Dataset records section start

(* For any integers $k>n\geq 1$, the following identity holds in $\mathbb{R}[t]$: \[ \sum_{\substack{k_1\geq 2,\ k_2,\ldots,k_n\geq 1,\\ k_1+\cdots+k_n=k}}\zeta^t(k_1,\ldots,k_n) =\Biggl(\sum_{j=0}^{n-1}\binom{k-1}{j}t^j(1-t)^{n-1-j}\Biggr)\zeta(k). \]
   Context: For integers $k_1\geq 2$, $k_2,\ldots,k_n\geq 1$, the multiple zeta value is $\zeta(k_1,\ldots,k_n)=\sum_{m_1>\cdots>m_n>0}m_1^{-k_1}\cdots m_n^{-k_n}$. For such an index, let $\mathbf{p}$ run over all $2^{n-1}$ indices of the form $(k_1\square k_2\square\cdots\square k_n)$ where each $\square$ is filled either by a comma or by a plus sign (plus signs meaning the adjacent entries are added), and let $\sigma(\mathbf{p})$ be the number of plus signs used. Define the polynomial $\zeta^t(k_1,\ldots,k_n)=\sum_{\mathbf{p}}t^{\sigma(\mathbf{p})}\zeta(\mathbf{p})\in\mathbb{R}[t]$ in an indeterminate $t$ (so $\zeta^0$ is the multiple zeta value and $\zeta^1$ the multiple zeta-star value $\sum_{m_1\geq\cdots\geq m_n>0}m_1^{-k_1}\cdots m_n^{-k_n}$). *)

From Stdlib Require Import Reals List Arith ClassicalEpsilon.
Import ListNotations.
Open Scope R_scope.

Fixpoint sumR (n : nat) (f : nat -> R) : R :=
  match n with
  | O => 0
  | S n' => sumR n' f + f (S n')
  end.

(* Truncated multiple zeta sum over N >= m1 > m2 > ... > mn > 0. *)
Fixpoint mzv_trunc (ks : list nat) (N : nat) : R :=
  match ks with
  | [] => 1
  | k :: ks' => sumR N (fun m => / (INR m) ^ k * mzv_trunc ks' (m - 1))
  end.

(* Limit of a sequence if it converges (0 otherwise). *)
Definition lim_or0 (u : nat -> R) : R :=
  match excluded_middle_informative (exists l, Un_cv u l) with
  | left H => proj1_sig (constructive_indefinite_description _ H)
  | right _ => 0
  end.

(* Multiple zeta value zeta(k1,...,kn) (convergent for k1 >= 2). *)
Definition mzv (ks : list nat) : R := lim_or0 (mzv_trunc ks).

(* All indices (k1 [] k2 [] ... [] kn), each [] a comma or a plus,
   paired with the number of plus signs used. *)
Fixpoint merges (ks : list nat) : list (list nat * nat) :=
  match ks with
  | [] => [([], O)]
  | k :: ks' =>
      match ks' with
      | [] => [([k], O)]
      | _ => flat_map (fun ps =>
               match fst ps with
               | [] => []
               | q :: qs => [(k :: q :: qs, snd ps); ((k + q)%nat :: qs, S (snd ps))]
               end) (merges ks')
      end
  end.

Dataset records section end

=== Task directions ===
From the material above, copy exactly the lines between the line holding "(* Truncated multiple" and the line holding "match excluded_middle_informative (exists", inclusive, and only those.

=== Task solution ===
(* Truncated multiple zeta sum over N >= m1 > m2 > ... > mn > 0. *)
Fixpoint mzv_trunc (ks : list nat) (N : nat) : R :=
  match ks with
  | [] => 1
  | k :: ks' => sumR N (fun m => / (INR m) ^ k * mzv_trunc ks' (m - 1))
  end.

(* Limit of a sequence if it converges (0 otherwise). *)
Definition lim_or0 (u : nat -> R) : R :=
  match excluded_middle_informative (exists l, Un_cv u l) with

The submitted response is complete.